Your b is a list of arrays:

In [84]: b = list(map(lambda x:np.arange(x, x+10), np.arange(0, 5)))            
In [85]: b                                                                      
Out[85]: 
[array([0, 1, 2, 3, 4, 5, 6, 7, 8, 9]),
 array([ 1,  2,  3,  4,  5,  6,  7,  8,  9, 10]),
 array([ 2,  3,  4,  5,  6,  7,  8,  9, 10, 11]),
 array([ 3,  4,  5,  6,  7,  8,  9, 10, 11, 12]),
 array([ 4,  5,  6,  7,  8,  9, 10, 11, 12, 13])]

When used as an index:

In [86]: np.arange(1000)[b]                                                     
/usr/local/bin/ipython3:1: FutureWarning: Using a non-tuple sequence for multidimensional 
indexing is deprecated; use `arr[tuple(seq)]` instead of `arr[seq]`. 
In the future this will be interpreted as an array index, `arr[np.array(seq)]`, 
which will result either in an error or a different result.
  #!/usr/bin/python3
---------------------------------------------------------------
IndexError: too many indices for array

A[1,2,3] is the same as A[(1,2,3)] - that is, the comma separated indices are a tuple, which is then passed on to the indexing function.
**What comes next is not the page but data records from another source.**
(* For n >= N > 2|z| + 2 one has |z + n| >= (n - N + 2)/2, whence the
   quadratic decay of the terms. *)
Lemma ex_series_Cmod_digamma_term (z : C) : ~ nonpos_int z ->
  ex_series (fun n => Cmod (digamma_term z n)).
Proof.
  intros Hz.
  destruct (INR_unbounded (2 * Cmod z + 2)) as [N HN].
  apply (ex_series_incr_n _ N).
  apply (@ex_series_le R_AbsRing R_CompleteNormedModule _
           (fun k => 2 * Cmod (z - 1) * / ((INR k + 1) * (INR k + 2)))%R).
  2: apply (ex_series_scal (2 * Cmod (z - 1))%R _ ex_series_inv_INR_S_SS).
  intros k. rewrite digamma_term_fraction by now apply nonpos_int_plus_INR.
  pose proof (Cmod_plus_INR_ge z (N + k)) as Hge.
  pose proof (nonpos_int_plus_INR z (N + k) Hz) as Hnz.
  rewrite plus_INR in Hge, Hnz |- *.
  pose proof (pos_INR k). pose proof (pos_INR N).
  pose proof (Cmod_ge_0 z). pose proof (Cmod_ge_0 (z - 1)).
  rewrite Cmod_div.
  2: { apply Cmult_neq_0; [apply RtoC_neq_0|exact Hnz]. lra. }
  rewrite Cmod_mult, Cmod_R, (Rabs_pos_eq (INR N + INR k + 1)) by lra.
  set (D := Cmod (z + RtoC (INR N + INR k))) in *.
  assert (HD : (D >= (INR k + 2) / 2)%R) by lra.
  unfold norm; simpl; unfold abs; simpl.
  rewrite Rabs_pos_eq.
  2: { apply Rmult_le_pos; auto. apply Rlt_le, Rinv_0_lt_compat. nra. }
  unfold Rdiv.
  replace (2 * Cmod (z - 1) * / ((INR k + 1) * (INR k + 2)))%R
    with (Cmod (z - 1) * / ((INR k + 1) * ((INR k + 2) / 2)))%R by (field; lra).
  apply Rmult_le_compat_l; auto.
  apply Rinv_le_contravar; [nra|]. apply Rmult_le_compat; lra.
Qed.

Lemma digamma_term_succ (z : C) (n : nat) :
  digamma_term (z + 1) n =
  digamma_term z n + (/ (z + RtoC (INR n)) - / (z + RtoC (INR (S n)))).
Proof.
  unfold digamma_term. rewrite RtoC_INR_S.
  replace (z + 1 + RtoC (INR n)) with (z + (RtoC (INR n) + 1)) by ring. ring.
Qed.

Section DigammaProjection.

(* [proj] stands for [Re] or [Im]: the two real series defining [digamma]
   are handled at once. *)
Variable proj : C -> R.
Hypothesis proj_minus : forall a b, proj (a - b) = (proj a - proj b)%R.
Hypothesis proj_bound : forall c, (Rabs (proj c) <= Cmod c)%R.

Lemma ex_series_proj_Cmod (a : nat -> C) :
  ex_series (fun n => Cmod (a n)) -> ex_series (fun n => proj (a n)).
Proof.
  apply (@ex_series_le R_AbsRing R_CompleteNormedModule). intros n. apply proj_bound.
Qed.

Lemma is_lim_seq_proj_Cmod (a : nat -> C) :
  is_lim_seq (fun n => Cmod (a n)) 0%R -> is_lim_seq (fun n => proj (a n)) 0%R.
Proof.
  intros Ha. apply is_lim_seq_abs_0.
  apply (is_lim_seq_le_le (fun _ => 0%R) _ (fun n => Cmod (a n))); [|apply is_lim_seq_const|exact Ha].
  intros n. split; [apply Rabs_pos|apply proj_bound].
Qed.

(* The reciprocals 1/(z+n) telescope between the terms at z + 1 and at z,
   and they tend to 0 because 1/(z+n) = 1/(n+1) - digamma_term z n. *)
Lemma Series_proj_digamma_term_succ (z : C) : ~ nonpos_int z ->
  Series (fun n => proj (digamma_term (z + 1) n)) =
  (Series (fun n => proj (digamma_term z n)) + proj (/ z))%R.
Proof.
  intros Hz.
  pose proof (ex_series_Cmod_digamma_term z Hz) as Hex.
  set (w := fun n => / (z + RtoC (INR n))).
  assert (Hw : is_lim_seq (fun n => Cmod (w n)) 0%R).
  { apply (is_lim_seq_le_le (fun _ => 0%R) _
             (fun n => / (INR n + 1) + Cmod (digamma_term z n))%R).
    - intros n. split; [apply Cmod_ge_0|].
      replace (w n) with (RtoC (/ (INR n + 1)) - digamma_term z n).
      + eapply Rle_trans; [apply Cmod_triangle|].
        rewrite Cmod_opp, Cmod_R, Rabs_pos_eq; [lra|].
        pose proof (pos_INR n). apply Rlt_le, Rinv_0_lt_compat. lra.
      + unfold digamma_term, w. rewrite RtoC_inv by (pose proof (pos_INR n); lra).
        rewrite RtoC_plus. ring.
    - apply is_lim_seq_const.
    - replace (Finite 0) with (Rbar_plus 0 0) by (simpl; f_equal; ring).
      apply is_lim_seq_plus'; [apply is_lim_seq_inv_INR_S|].
      now apply ex_series_lim_0. }
  rewrite (Series_ext _ (fun n => proj (digamma_term z n) + (proj (w n) - proj (w (S n))))%R).
  2: { intros n. rewrite digamma_term_succ. fold (w n) (w (S n)).
       replace (digamma_term z n + (w n - w (S n)))
         with (digamma_term z n - (w (S n) - w n)) by ring.
       rewrite !proj_minus. ring. }
  rewrite Series_plus.
  - f_equal. apply is_series_unique.
    replace (proj (/ z)) with (proj (w 0%nat)) by (unfold w; simpl INR; now rewrite Cplus_0_r).
    apply (is_series_telescope (fun n => proj (w n))), is_lim_seq_proj_Cmod, Hw.
  - now apply ex_series_proj_Cmod.
  - eexists. apply (is_series_telescope (fun n => proj (w n))), is_lim_seq_proj_Cmod, Hw.
Qed.

End DigammaProjection.

Lemma digamma_succ (z : C) : ~ nonpos_int z -> digamma (z + 1) = digamma z + / z.
Proof.
  intros Hz. unfold digamma.
  rewrite (Series_proj_digamma_term_succ Re) by (reflexivity || apply re_le_Cmod || exact Hz).
  rewrite (Series_proj_digamma_term_succ Im) by (reflexivity || apply im_le_Cmod || exact Hz).
  destruct (/ z) as [a b]. apply injective_projections; simpl; ring.
Qed.

Lemma fdiff_iter_S_inner (m : nat) (g : C -> C) (x : C) :
  fdiff_iter (S m) g x = fdiff_iter m (fdiff g) x.
Proof.
  revert x. induction m as [|m IH]; intros x; [reflexivity|].
  change (fdiff_iter (S (S m)) g x)
    with (fdiff_iter (S m) g (x + 1) - fdiff_iter (S m) g x).
  now rewrite !IH.
Qed.

Lemma fdiff_iter_local (n : nat) (f g : C -> C) (x : C) :
  (forall j, (j <= n)%nat -> f (x + RtoC (INR j)) = g (x + RtoC (INR j))) ->
  fdiff_iter n f x = fdiff_iter n g x.
Proof.
  revert x. induction n as [|n IH]; intros x Hfg.
  - specialize (Hfg 0%nat (le_n 0)). simpl in *. now rewrite Cplus_0_r in Hfg.
  - simpl. unfold fdiff. rewrite (IH x), (IH (x + 1)); [reflexivity| |].
    + intros j Hj. rewrite <- Cplus_assoc, (Cplus_comm 1), <- RtoC_INR_S.
      apply Hfg. lia.
    + intros j Hj. apply Hfg. lia.
Qed.

Lemma fdiff_iter_plus (n : nat) (f g : C -> C) (x : C) :
  fdiff_iter n (fun y => f y + g y) x = fdiff_iter n f x + fdiff_iter n g x.
Proof.
  revert x. induction n as [|n IH]; intros x; [reflexivity|].
  simpl. unfold fdiff. rewrite !IH. ring.
Qed.

Lemma fdiff_iter_scal (n : nat) (c : C) (f : C -> C) (x : C) :
  fdiff_iter n (fun y => c * f y) x = c * fdiff_iter n f x.
Proof.
  revert x. induction n as [|n IH]; intros x; [reflexivity|].
  simpl. unfold fdiff. rewrite !IH. ring.
Qed.

Lemma fdiff_iter_shift (n : nat) (f : C -> C) (x : C) :
  fdiff_iter n (fun y => f (y + 1)) x = fdiff_iter n f (x + 1).
Proof.
  revert x. induction n as [|n IH]; intros x; [reflexivity|].
  simpl. unfold fdiff. now rewrite !IH.
Qed.

Lemma fdiff_iter_mul_linear (k : nat) (f : C -> C) (a x : C) :
  fdiff_iter (S k) (fun y => f y * (y + a)) x =
  fdiff_iter (S k) f x * (x + RtoC (INR (S k)) + a)
  + RtoC (INR (S k)) * fdiff_iter k f x.
Proof.
  revert x. induction k as [|k IH]; intros x.
  - simpl. unfold fdiff. ring.
  - change (fdiff_iter (S (S k)) ?g x) with (fdiff_iter (S k) g (x + 1) - fdiff_iter (S k) g x).
    rewrite !IH.
    change (fdiff_iter (S k) f ?y) with (fdiff_iter k f (y + 1) - fdiff_iter k f y).
    rewrite !RtoC_INR_S. ring.
Qed.

Inductive monic_linear_product : nat -> (C -> C) -> Prop :=
| monic_linear_product_1 : monic_linear_product 0 (fun _ => 1)
| monic_linear_product_mul n f a :
    monic_linear_product n f -> monic_linear_product (S n) (fun y => f y * (y + a)).

Lemma monic_linear_product_ext (n : nat) (f g : C -> C) :
  monic_linear_product n f -> (forall y, f y = g y) -> monic_linear_product n g.
Proof. intros Hf Hfg. now apply functional_extensionality in Hfg as <-. Qed.

Lemma fdiff_iter_monic_linear_product (n : nat) (f : C -> C) (x : C) :
  monic_linear_product n f -> fdiff_iter n f x = RtoC (INR (fact n)).
Proof.
  intros Hf. revert x. induction Hf as [|n f a Hf IH]; intros x; [reflexivity|].
  rewrite fdiff_iter_mul_linear. simpl (fdiff_iter (S n) f x). unfold fdiff.
  rewrite !IH, fact_simpl, mult_INR, RtoC_mult. ring.
Qed.

Lemma monic_linear_product_falling (n : nat) (b : C) :
  monic_linear_product n (fun y => falling (y + b) n).
Proof.
  induction n as [|n IH]; [constructor|].
  apply (monic_linear_product_ext _ (fun y => falling (y + b) n * (y + (b - RtoC (INR n))))).
  - now constructor.
  - intros y. simpl. ring.
Qed.

Lemma falling_shift_root_factor (q n : nat) : (q <= n)%nat ->
  exists f, monic_linear_product n f /\
            forall y, falling (y + RtoC (INR q)) (S n) = y * f y.
Proof.
  induction n as [|n IH]; intros Hq.
  - exists (fun _ => 1). split; [constructor|].
    intros y. assert (q = 0%nat) as -> by lia. simpl. ring.
  - destruct (Nat.eq_dec q (S n)) as [->|Hqn].
    + exists (fun y => falling (y + RtoC (INR (S n))) (S n)).
      split; [apply monic_linear_product_falling|].
      intros y. change (falling ?z (S (S n))) with (falling z (S n) * (z - RtoC (INR (S n)))).
      ring.
    + destruct (IH ltac:(lia)) as [f [Hf Hfy]].
      exists (fun y => f y * (y + (RtoC (INR q) - RtoC (INR (S n))))).
      split; [now constructor|].
      intros y. change (falling ?z (S (S n))) with (falling z (S n) * (z - RtoC (INR (S n)))).
      rewrite Hfy. ring.
Qed.

Lemma RtoC_INR_fact_neq_0 (n : nat) : RtoC (INR (fact n)) <> 0.
Proof. apply RtoC_neq_0, INR_fact_neq_0. Qed.

Lemma fdiff_iter_gbinom_div (l q : nat) (x : C) : (q <= l)%nat ->
  (forall j, (j <= l)%nat -> x + RtoC (INR j) <> 0) ->
  fdiff_iter l (fun y => gbinom (y + RtoC (INR q)) (S l) / y) x = RtoC (/ INR (S l)).
Proof.
  intros Hq Hx. destruct (falling_shift_root_factor q l Hq) as [f [Hf Hfy]].
  rewrite (fdiff_iter_local _ _ (fun y => / RtoC (INR (fact (S l))) * f y)).
  2: { intros j Hj. unfold gbinom. rewrite Hfy.
       pose proof (RtoC_INR_fact_neq_0 (S l)). field. auto. }
  rewrite fdiff_iter_scal, (fdiff_iter_monic_linear_product _ _ _ Hf).
  assert (HS : RtoC (INR (S l)) <> 0) by (apply RtoC_neq_0, not_0_INR; discriminate).
  pose proof (RtoC_INR_fact_neq_0 l).
  rewrite fact_simpl, mult_INR, RtoC_mult, RtoC_inv by (apply not_0_INR; discriminate).
  field. auto.
Qed.

Lemma gbinom_pascal (z : C) (m : nat) :
  gbinom (z + 1) (S m) = gbinom z (S m) + gbinom z m.
Proof.
  assert (Hfalling : falling (z + 1) (S m) = (z + 1) * falling z m).
  { induction m as [|m IH]; [simpl; ring|].
    change (falling (z + 1) (S (S m))) with (falling (z + 1) (S m) * (z + 1 - RtoC (INR (S m)))).
    rewrite IH, RtoC_INR_S. simpl (falling z (S m)). ring. }
  unfold gbinom. rewrite Hfalling. simpl (falling z (S m)).
  rewrite fact_simpl, mult_INR, RtoC_mult.
  pose proof (RtoC_INR_fact_neq_0 m).
  assert (RtoC (INR (S m)) <> 0) by (apply RtoC_neq_0, not_0_INR; discriminate).
  rewrite RtoC_INR_S in *. field. auto.
Qed.

Lemma nonpos_int_neq_0 (y : C) : ~ nonpos_int y -> y <> 0.
Proof.
  intros Hy. pose proof (nonpos_int_plus_INR y 0 Hy) as H0.
  now rewrite Cplus_0_r in H0.
Qed.

Lemma fdiff_gbinom_digamma (c y : C) (l : nat) : ~ nonpos_int y ->
  fdiff (fun y => gbinom (y + c) (S l) * digamma y) y =
  gbinom (y + c) l * digamma y + gbinom (y + c + 1) (S l) / y.
Proof.
  intros Hy. pose proof (nonpos_int_neq_0 y Hy). unfold fdiff.
  replace (y + 1 + c) with (y + c + 1) by ring.
  rewrite digamma_succ, gbinom_pascal by exact Hy. field. auto.
Qed.

Lemma fdiff_gbinom_digamma_shifted (c y : C) (l : nat) : ~ nonpos_int y ->
  fdiff (fun y => gbinom (y + c) (S l) * digamma y) y =
  gbinom (y + c) l * digamma (y + 1) + gbinom (y + c) (S l) / y.
Proof.
  intros Hy. pose proof (nonpos_int_neq_0 y Hy). unfold fdiff.
  replace (y + 1 + c) with (y + c + 1) by ring.
  rewrite digamma_succ, gbinom_pascal by exact Hy. field. auto.
Qed.

Lemma fdiff_iter_gbinom_digamma (l : nat) (p : Z) (x : C) :
  (-1 <= p <= Z.of_nat l - 1)%Z ->
  (forall k : nat, (k <= l)%nat -> ~ nonpos_int (x + RtoC (INR k))) ->
  fdiff_iter l (fun y => gbinom (y + RtoC (IZR p)) l * digamma y) x
  = RtoC (harmonic l) + digamma (x + RtoC (IZR p) + 1).
Proof.
  revert p x. induction l as [|l IH]; intros p x Hp Hx.
  - assert (p = (-1)%Z) as -> by lia.
    replace (x + RtoC (IZR (-1)) + 1) with x by ring.
    unfold gbinom. simpl. field.
  - assert (Hx0 : forall j, (j <= S l)%nat -> x + RtoC (INR j) <> 0)
      by (intros j Hj; apply nonpos_int_neq_0, Hx, Hj).
    change (harmonic (S l)) with (harmonic l + / INR (S l))%R.
    rewrite fdiff_iter_S_inner, RtoC_plus.
    destruct (Z.eq_dec p (-1)) as [->|Hp1].
    + rewrite (fdiff_iter_local _ _ (fun y =>
          gbinom (y + RtoC (IZR (-1))) l * digamma y
          + gbinom (y + RtoC (INR 0)) (S l) / y)).
      2: { intros j Hj. rewrite fdiff_gbinom_digamma by (apply Hx; lia).
           do 3 f_equal. simpl. ring. }
      rewrite fdiff_iter_plus.
      rewrite IH; [|lia|intros k Hk; apply Hx; lia].
      rewrite fdiff_iter_gbinom_div; [|lia|intros j Hj; apply Hx0; lia].
      replace (x + RtoC (IZR (-1)) + 1) with x by ring. ring.
    + destruct (Z_of_nat_complete p ltac:(lia)) as [q ->].
      rewrite <- INR_IZR_INZ.
      set (F := fun z => gbinom (z + RtoC (IZR (Z.of_nat q - 1))) l * digamma z).
      rewrite (fdiff_iter_local _ _ (fun y => F (y + 1) + gbinom (y + RtoC (INR q)) (S l) / y)).
      2: { intros j Hj. rewrite fdiff_gbinom_digamma_shifted by (apply Hx; lia).
           unfold F. rewrite minus_IZR, RtoC_minus, <- INR_IZR_INZ.
           do 3 f_equal. ring. }
      rewrite fdiff_iter_plus, fdiff_iter_shift. unfold F.
      rewrite IH; [|lia|].
      2: { intros k Hk. rewrite <- Cplus_assoc, (Cplus_comm 1), <- RtoC_INR_S. apply Hx. lia. }
      rewrite fdiff_iter_gbinom_div; [|lia|intros j Hj; apply Hx0; lia].
      rewrite minus_IZR, RtoC_minus, <- INR_IZR_INZ. 
      replace (x + 1 + (RtoC (INR q) - 1) + 1) with (x + RtoC (INR q) + 1) by ring. ring.
Qed.

Theorem lemma3p1 (l : nat) (p : Z) (x : C) :
  (1 <= l)%nat ->
  (-1 <= p <= Z.of_nat l - 1)%Z ->
  (forall k : nat, (k <= l)%nat -> ~ nonpos_int (x + RtoC (INR k))) ->
  fdiff_iter l (fun y => gbinom (y + RtoC (IZR p)) l * digamma y) x
  = RtoC (harmonic l) + digamma (x + RtoC (IZR p) + 1).
Proof.
  intros _. apply fdiff_iter_gbinom_digamma.
Qed.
Or to put it another way, a multidimensional index should be a tuple (that includes ones with slices).

Up to now numpy has been a bit sloppy, and allowed us to use a list of indices in the same way. The warning tells us that the developers are in the process of tightening up those restrictions.

The error means it is trying to interpret each array in your list as the index for a separate dimension. An array can have at most 32 dimensions. Evidently for the longer list it doesn't try to treat it as a tuple, and instead creates a 2d array for indexing.

There are various ways we can use your b to index a 1d array:

In [87]: np.arange(1000)[np.hstack(b)]                                          
Out[87]: 
array([ 0,  1,  2,  3,  4,  5,  6,  7,  8,  9,  1,  2,  3,  4,  5,  6,  7,
        8,  9, 10,  2,  3,  4,  5,  6,  7,  8,  9, 10, 11,  3,  4,  5,  6,
        7,  8,  9, 10, 11, 12,  4,  5,  6,  7,  8,  9, 10, 11, 12, 13])

In [89]: np.arange(1000)[np.array(b)]    # or np.vstack(b)                                       
Out[89]: 
array([[ 0,  1,  2,  3,  4,  5,  6,  7,  8,  9],
       [ 1,  2,  3,  4,  5,  6,  7,  8,  9, 10],
       [ 2,  3,  4,  5,  6,  7,  8,  9, 10, 11],
       [ 3,  4,  5,  6,  7,  8,  9, 10, 11, 12],
       [ 4,  5,  6,  7,  8,  9, 10, 11, 12, 13]])

In [90]: np.arange(1000)[b,]             # 1d tuple containing b                                       
Out[90]: 
array([[ 0,  1,  2,  3,  4,  5,  6,  7,  8,  9],
       [ 1,  2,  3,  4,  5,  6,  7,  8,  9, 10],
       [ 2,  3,  4,  5,  6,  7,  8,  9, 10, 11],
       [ 3,  4,  5,  6,  7,  8,  9, 10, 11, 12],
       [ 4,  5,  6,  7,  8,  9, 10, 11, 12, 13]])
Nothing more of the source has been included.